# Best type of wood for studs?



## Leoskee (Dec 19, 2007)

I did not realize that studs came in different types of woods. Any suggestion on the type to use for a basement remodeling? 

Thanks.


----------



## PaliBob (Jun 11, 2008)

You don't give your location. The types of wood studs available depends on your geographical area. Personally I've become a fan of metal studs.
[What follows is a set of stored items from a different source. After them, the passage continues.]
Lemma leaf_periods_weak_node v o p : leaf_periods_below (size (leaves v)) p ->
  all_inner mixed_stable_node v -> uniq (leaves v) -> 0 < p -> o < p ->
  queries_ap (leaves v) o p -> weakly_stable_node X v -> leaf_periods v p.
Proof.
move=> rec hmix hu p_gt0 op hV hw.
have [a [b [w [A0 [A1 [hshape hA hc]]]]]] := weakly_stable_node_cycles hw.
have hperm := weak_shape_leaves hshape hA.
have hsplit := weak_split (etrans (esym (perm_uniq hperm)) hu) (perm_mem hperm) p_gt0 op hV hc.
have rec3 t : [\/ t = a, t = b | t = w] -> leaves t \in [:: A0; A1; leaves w] ->
    leaf_periods t (p * 3).
  by move=> ht /hsplit; have [? ? ?] := weak_shape_sub hshape ht hmix hu; exact: rec.
have [ma mb mw] : [/\ leaves a \in [:: A0; A1; leaves w], leaves b \in [:: A0; A1; leaves w]
    & leaves w \in [:: A0; A1; leaves w]].
  by case: hA => -[-> ->]; rewrite !inE !eqxx ?orbT.
apply: (leaf_periods_weak hshape _ _ _ (rec3 a (@Or31 _ _ _ erefl) ma)
  (rec3 b (@Or32 _ _ _ erefl) mb) (rec3 w (@Or33 _ _ _ erefl) mw)).
- exact/weakbP.
- by apply/negP => /weakbP; exact: favoured_not_weak hu p_gt0 hV hshape hA hc.
- exact: weak_not_strong hu p_gt0 hV hw.
Qed.

Lemma leaf_periods_strong_node l r o p : leaf_periods_below (size (leaves (Node l r))) p ->
  all_inner mixed_stable_node (Node l r) -> uniq (leaves (Node l r)) -> 0 < p -> o < p ->
  queries_ap (leaves (Node l r)) o p -> ~ weakly_stable_node X (Node l r) ->
  leaf_periods (Node l r) p.
Proof.
move=> rec hmix hu p_gt0 op hV nw.
have hs : strongly_stable_node X (Node l r) by case: hmix => -[].
have hsplit := strong_split hu p_gt0 op hV hs.
move: hu hmix; rewrite /= cat_uniq => /and3P[ul _ ur] [_ mixl mixr].
have hsz : size (leaves (Node l r)) = size (leaves l) + size (leaves r) := size_cat _ _.
have := size_leaves_gt0 l; have := size_leaves_gt0 r => sr sl.
apply: (leaf_periods_strong (introN (weakbP _) nw)); apply: rec => //; try lia.
all: by apply: hsplit; rewrite !inE eqxx ?orbT.
Qed.

Lemma leaf_periods_ap t o p : all_inner mixed_stable_node t -> uniq (leaves t) ->
  0 < p -> o < p -> queries_ap (leaves t) o p -> leaf_periods t p.
Proof.
have [n] := ubnP (size (leaves t)); elim: n t o p => // n IH [u|l r] o p lt_n.
  move=> _ _ _ op hV x; rewrite inE => /eqP ->; exists 0, 0, o.
  by rewrite !expn0 !muln1.
have rec : leaf_periods_below (size (leaves (Node l r))) p.
  move=> t m sz mix ut [o' o'_lt ap].
  exact: IH (leq_trans sz lt_n) mix ut (leq_ltn_trans (leq0n o') o'_lt) o'_lt ap.
move=> hmix hu p_gt0 op hV; have [hw|nw] := weakbP (Node l r).
- exact: leaf_periods_weak_node rec hmix hu p_gt0 op hV hw.
- exact: leaf_periods_strong_node rec hmix hu p_gt0 op hV nw.
Qed.

Lemma leaf_periods_choice t : leaf_periods t 1 ->
  exists a b o : nat -> nat, forall u, u \in leaves t ->
    [/\ o u < 2 ^ a u * 3 ^ b u, queries_ap [:: u] (o u) (2 ^ a u * 3 ^ b u),
        a u + (weak_count t).*2 <= size (inner t)
      & all_inner (strongly_stable_node X) t -> b u = 0].
Proof.
move=> ht.
pose R u (e : nat * nat * nat) := u \in leaves t ->
  [/\ e.2 < 2 ^ e.1.1 * 3 ^ e.1.2, queries_ap [:: u] e.2 (2 ^ e.1.1 * 3 ^ e.1.2),
      e.1.1 + (weak_count t).*2 <= size (inner t)
    & all_inner (strongly_stable_node X) t -> e.1.2 = 0].
have [f hf] : exists f, forall u, R u (f u).
  apply: choice => u; have [/ht [a [b [o]]]|nu] := boolP (u \in leaves t).
    by rewrite !mul1n => h; exists (a, b, o).
  by exists (0, 0, 0); rewrite /R (negbTE nu).
by exists (fun u => (f u).1.1), (fun u => (f u).1.2), (fun u => (f u).2).
Qed.

Lemma num_weakly_stableE T n : num_weakly_stable T X n -> n = weak_count T.
Proof.
case=> msk [hsz hnth <-]; rewrite /weak_count.
have -> : msk = map weakb (inner T).
  apply: (@eq_from_nth _ false); first by rewrite size_map.
  move=> i hi; rewrite (nth_map (Leaf 0)) -?hsz //.
  by apply/idP/idP => [/(hnth i hi)/weakbP | /weakbP/(hnth i hi)].
by rewrite count_map.
Qed.

End StableSequence.

Theorem lemma1 (T : bst) (X : qseq) :
  is_bst T -> mixed_stable T X ->
  exists a b : nat -> nat,
    [/\ forall u, u \in leaves T -> occurs_once_every X u (2 ^ a u * 3 ^ b u),
        atomic_length X (2 ^ (\max_(u <- leaves T) a u) * 3 ^ (\max_(u <- leaves T) b u)),
        strongly_stable T X -> forall u, u \in leaves T -> b u = 0
      & weakly_stable T X -> forall u, u \in leaves T -> a u = 0].
Proof.
move=> hbst [hq hmix].
have hu : uniq (leaves T) := sorted_uniq ltn_trans ltnn hbst.
have hV : queries_ap X (leaves T) 0 1 by move=> i; split=> _; [exists i; rewrite muln1 | exact: hq].
have hmix' := all_inner_In (P := mixed_stable_node X) hmix.
have hT := leaf_periods_ap (o := 0) (p := 1) hmix' hu isT isT hV.
have [a [b [o hab]]] := leaf_periods_choice hT.
have hap u : u \in leaves T -> queries_ap X [:: u] (o u) (2 ^ a u * 3 ^ b u) by case/hab.
have hper := is_period_ap hq hap.
exists a, b; split.
- by move=> u /hab [ho hu_ap _ _]; exact: occurs_once_every_ap ho hu_ap.
- set L := _ * _; have L_gt0 : 0 < L by rewrite muln_gt0 !expn_gt0.
  split.
    by apply/(hper _ L_gt0)/dvdn_pow23_bigmax.
  by move=> m [m_gt0 hm]; apply: dvdn_leq (m_gt0) _; apply/dvdn_pow23_bigmax/(hper _ m_gt0).
- by move=> [_ hs] u /hab [_ _ _ ->] //; exact: all_inner_In.
- by move=> [_ [n [/num_weakly_stableE -> hn]]] u /hab [_ _ + _]; rewrite hn; lia.
Qed.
http://www.thumbandhammer.com/diy/framing.html

Here is a video that makes it look easy: :whistling2:
http://video.bobvila.com/m/21320201/metal-stud-framing.htm
.


----------



## Termite (Apr 13, 2008)

Depending on your location, your studs will probably be "stud" grade SPF (spruce/pine/fir) or southern yellow pine. You can get nicer grades than _stud_ such as _#2_ or _standard and better_ but you're not going to get straighter studs with higher grades, just less knots and wane. Hope for SPF and avoid SYP like the plague...Awful stuff to work with.


----------



## Leoskee (Dec 19, 2007)

Im in NJ. I was thinking about using metal studs but I was told that puting molding/chair rail will be a PITA. Any thoughts? Ive read on here that the price difference is not that big.


----------



## PaliBob (Jun 11, 2008)

Moldings & rails should not be a problem with self drilling trim screws.
http://www.mcfeelys.com/product/0715-TST/Self-Drill-Trim-Grey-Phosphate-Screws
.


----------



## Termite (Apr 13, 2008)

Like Bob said, metal studs are fine if you don't mind using trim screws in your moulding. Personally I started out my career framing so I prefer wood, but do use metal on rare occasion. Metal makes things rather challenging for the average DIYer if you ask me.


----------